[Opening EXTRACTED ENTRIES section]
(* Let $\underline{t}$ and $\underline{u}$ be increment arrays of the same size $s$ for $n$ agents with $\underline{t}\approx\underline{u}$. Then \[\bigcup_{i=1}^{n}\{C(i,\underline{t})\}=\bigcup_{i=1}^{n}\{C(i,\underline{u})\},\] i.e.\ the set of coalitions generated by $\underline{t}$ from all starting agents equals the set generated by $\underline{u}$ from all starting agents.
   Context: Agent identifiers are $\{1,\ldots,n\}$, arithmetic on identifiers is modulo $n$ with representatives in $\{1,\ldots,n\}$ (a value $0$ is replaced by $n$). An increment array (IA) of size $s$ ($1\le s\le n$) for $n$ agents is a tuple $\underline{t}=\langle t_0,\ldots,t_{s-1}\rangle$ of non-negative integers with $\sum t_i=n-s$. Cumulative increments: $\varphi_1=0$, $\varphi_i=\sum_{k=0}^{i-2}(t_k+1)$ for $2\le i\le s+1$. The coalition generated from $x$ is $C(x,\underline{t})=\{x\}\cup\bigcup_{i=2}^{s}\{(x+\varphi_i)\bmod n\}$ (residues in $\{1,\ldots,n\}$). Two IAs of the same size are equivalent, $\underline{t}\approx\underline{u}$, if $\underline{u}$ is a circular shift of $\underline{t}$: there is $0\le k\le s-1$ with $\langle u_0,\ldots,u_{s-1}\rangle=\langle t_k,\ldots,t_{s-1},t_0,\ldots,t_{k-1}\rangle$. *)

From mathcomp Require Import all_boot.
Set Implicit Arguments. Unset Strict Implicit. Unset Printing Implicit Defensive.

Definition rep (n x : nat) : nat := if x %% n == 0 then n else x %% n.

Definition is_IA (n s : nat) (t : seq nat) : Prop :=
  [/\ 1 <= s <= n, size t = s & sumn t = n - s].

Definition phi (t : seq nat) (i : nat) : nat :=
  \sum_(0 <= k < i.-1) (nth 0 t k).+1.

Definition coalition (n : nat) (t : seq nat) (x : nat) : seq nat :=
  x :: [seq rep n (x + phi t i) | i <- iota 2 (size t).-1].

Definition ia_equiv (t u : seq nat) : Prop :=
  size t = size u /\ exists2 k, k <= (size t).-1 & u = rot k t.

From mathcomp Require Import all_boot.
From mathcomp Require Import zify.

Set Implicit Arguments.
Unset Strict Implicit.
Unset Printing Implicit Defensive.

(* Write P_m = sum_{k<m} (t_k + 1) = phi_{m+1} for the partial sums of t, so that the
   coalition C(x,t) is the set of residues of x + P_m, m < s, and P_s = n.
   The partial sums of the rotation rot k t are P_{k+m} - P_k with the index
   k + m read modulo s, hence modulo n they are the P_m shifted by -P_k.  So
   C(x,t) = C(x + P_k, rot k t), and since x |-> x + P_k permutes the agents,
   both families of coalitions coincide. *)

Definition psum (t : seq nat) (m : nat) : nat := \sum_(0 <= k < m) (nth 0 t k).+1.

Lemma psum0 t : psum t 0 = 0.
Proof. by rewrite /psum big_geq. Qed.

Lemma psum_size t : psum t (size t) = sumn t + size t.
Proof.
elim: t => [|a t IHt]; first by rewrite psum0.
by rewrite /psum big_nat_recl //= -/(psum t (size t)) IHt addSn addnS addnA.
Qed.

Lemma psum_catl t1 t2 m : m <= size t1 -> psum (t1 ++ t2) m = psum t1 m.
Proof.
move=> le_m_t1; apply: eq_big_nat => k /andP[_ lt_k_m].
by rewrite nth_cat (leq_trans lt_k_m le_m_t1).
Qed.

Lemma psum_catr t1 t2 m :
  psum (t1 ++ t2) (size t1 + m) = psum t1 (size t1) + psum t2 m.
Proof.
rewrite /psum (@big_cat_nat _ _ _ (size t1)) ?leq_addr //=.
rewrite -/(psum _ _) psum_catl // -{2}[size t1]add0n big_addn addKn.
congr (_ + _); apply: eq_bigr => k _.
by rewrite nth_cat ltnNge leq_addl addnK.
Qed.

Lemma psum_rot t k m : k <= size t -> m <= size t ->
  psum t k + psum (rot k t) m = psum (t ++ t) (k + m).
Proof.
move=> le_k_t le_m_t.
have -> : t ++ t = take k t ++ (rot k t ++ drop k t).
  by rewrite /rot -!catA cat_take_drop catA cat_take_drop.
have psum_take : psum (take k t) k = psum t k.
  by rewrite -{2}(cat_take_drop k t) psum_catl ?size_takel.
rewrite -[k in k + m](size_takel le_k_t) psum_catr (size_takel le_k_t) psum_take.
by rewrite psum_catl ?size_rot.
Qed.

Lemma psum_rot_mod t k m : k < size t -> m < size t ->
  psum t k + psum (rot k t) m = psum t ((k + m) %% size t) %[mod psum t (size t)].
Proof.
move=> lt_k_t lt_m_t; rewrite psum_rot; [|exact: ltnW..].
have [lt_km_t | le_t_km] := ltnP (k + m) (size t).
  by rewrite [(k + m) %% _]modn_small // psum_catl ?(ltnW lt_km_t).
have km_split : k + m = size t + (k + m - size t) by rewrite subnKC.
have lt_r_t : k + m - size t < size t by lia.
by rewrite km_split psum_catr modnDl [(size t + _) %% _]modnDl (modn_small lt_r_t).
Qed.

Lemma modn_addl_onto s k j : k < s -> j < s ->
  exists2 m, m < s & (k + m) %% s = j.
Proof.
move=> lt_k_s lt_j_s; have s_gt0 : 0 < s := leq_ltn_trans (leq0n k) lt_k_s.
exists ((j + (s - k)) %% s); first exact: ltn_pmod.
by rewrite modnDmr addnCA subnKC ?modnDr ?modn_small // ltnW.
Qed.

Lemma rep_modn n a : rep n a = a %[mod n].
Proof. by rewrite /rep; case: eqP => [->|_]; rewrite ?modnn ?modn_mod. Qed.

Lemma eq_rep n a b : a = b %[mod n] -> rep n a = rep n b.
Proof. by rewrite /rep => ->. Qed.

Lemma rep_range n a : 0 < n -> 0 < rep n a <= n.
Proof.
move=> n_gt0; rewrite /rep; case: eqP => [_|a_n_neq0]; first by rewrite n_gt0 leqnn.
by rewrite lt0n ltnW ?ltn_pmod // andbT; apply/eqP.
Qed.

Lemma rep_id n x : 0 < x <= n -> rep n x = x.
Proof.
case/andP=> x_gt0; rewrite leq_eqVlt => /orP[/eqP-> | lt_x_n].
  by rewrite /rep modnn eqxx.
by rewrite /rep modn_small // eqn0Ngt x_gt0.
Qed.

Lemma rep_addr_onto n a j : 0 < j <= n ->
  exists2 x, 0 < x <= n & rep n (x + a) = j.
Proof.
move=> j_range; have n_gt0 : 0 < n by lia.
exists (rep n (j + (n - a %% n))); first exact: rep_range.
rewrite -[RHS](rep_id j_range); apply: eq_rep.
rewrite -modnDml rep_modn modnDml -modnDmr -addnA subnK ?modnDr //.
exact/ltnW/ltn_pmod.
Qed.

Lemma coalitionE n t x : 0 < size t -> 0 < x <= n ->
  coalition n t x = [seq rep n (x + psum t m) | m <- iota 0 (size t)].
Proof.
case: t => [|a t'] //= _ x_range.
rewrite /coalition psum0 addn0 rep_id // -[2]/(1 + 1) iotaDl -map_comp.
by congr (_ :: _); apply: eq_map => m.
Qed.

Lemma coalition_rot n t k x : psum t (size t) = n -> k < size t -> 0 < x <= n ->
  coalition n (rot k t) (rep n (x + psum t k)) =i coalition n t x.
Proof.
move=> psum_t lt_k_t x_range.
have t_gt0 : 0 < size t by lia.
have n_gt0 : 0 < n by lia.
have shift m : m < size t -> rep n (rep n (x + psum t k) + psum (rot k t) m)
                             = rep n (x + psum t ((k + m) %% size t)).
  move=> lt_m_t; apply: eq_rep.
  rewrite -modnDml rep_modn modnDml -addnA; apply/eqP.
  by rewrite eqn_modDl -psum_t; apply/eqP/psum_rot_mod.
rewrite !coalitionE ?size_rot ?rep_range // => z.
apply/mapP/mapP => [[m] | [j]]; rewrite mem_iota add0n => /andP[_ lt_m_t] ->.
- exists ((k + m) %% size t); last exact: shift.
  by rewrite mem_iota ltn_pmod.
- have [m lt_m_t' <-] := modn_addl_onto lt_k_t lt_m_t.
  by exists m; rewrite ?mem_iota ?size_rot ?shift.
Qed.

Theorem lemma3 (n s : nat) (t u : seq nat) :
  is_IA n s t -> is_IA n s u -> ia_equiv t u ->
  (forall i, 1 <= i <= n -> exists2 j, 1 <= j <= n &
     coalition n t i =i coalition n u j) /\
  (forall j, 1 <= j <= n -> exists2 i, 1 <= i <= n &
     coalition n u j =i coalition n t i).
Proof.
move=> [/andP[s_gt0 le_s_n] size_t sum_t] _ [_ [k le_k_s ->]].
have lt_k_t : k < size t by lia.
have psum_t : psum t (size t) = n by rewrite psum_size; lia.
have n_gt0 : 0 < n by lia.
split=> [i i_range | j j_range].
- exists (rep n (i + psum t k)); first exact: rep_range.
  by move=> z; rewrite coalition_rot.
- have [i i_range <-] := rep_addr_onto (psum t k) j_range.
  by exists i => // z; rewrite coalition_rot.
Qed.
[Closing EXTRACTED ENTRIES section]
> _WORK ITEM_
The answer consists of the lines above that include the word "partial", each copied exactly.

> _RESPONSE FOR THIS EXERCISE_
(* Write P_m = sum_{k<m} (t_k + 1) = phi_{m+1} for the partial sums of t, so that the
   The partial sums of the rotation rot k t are P_{k+m} - P_k with the index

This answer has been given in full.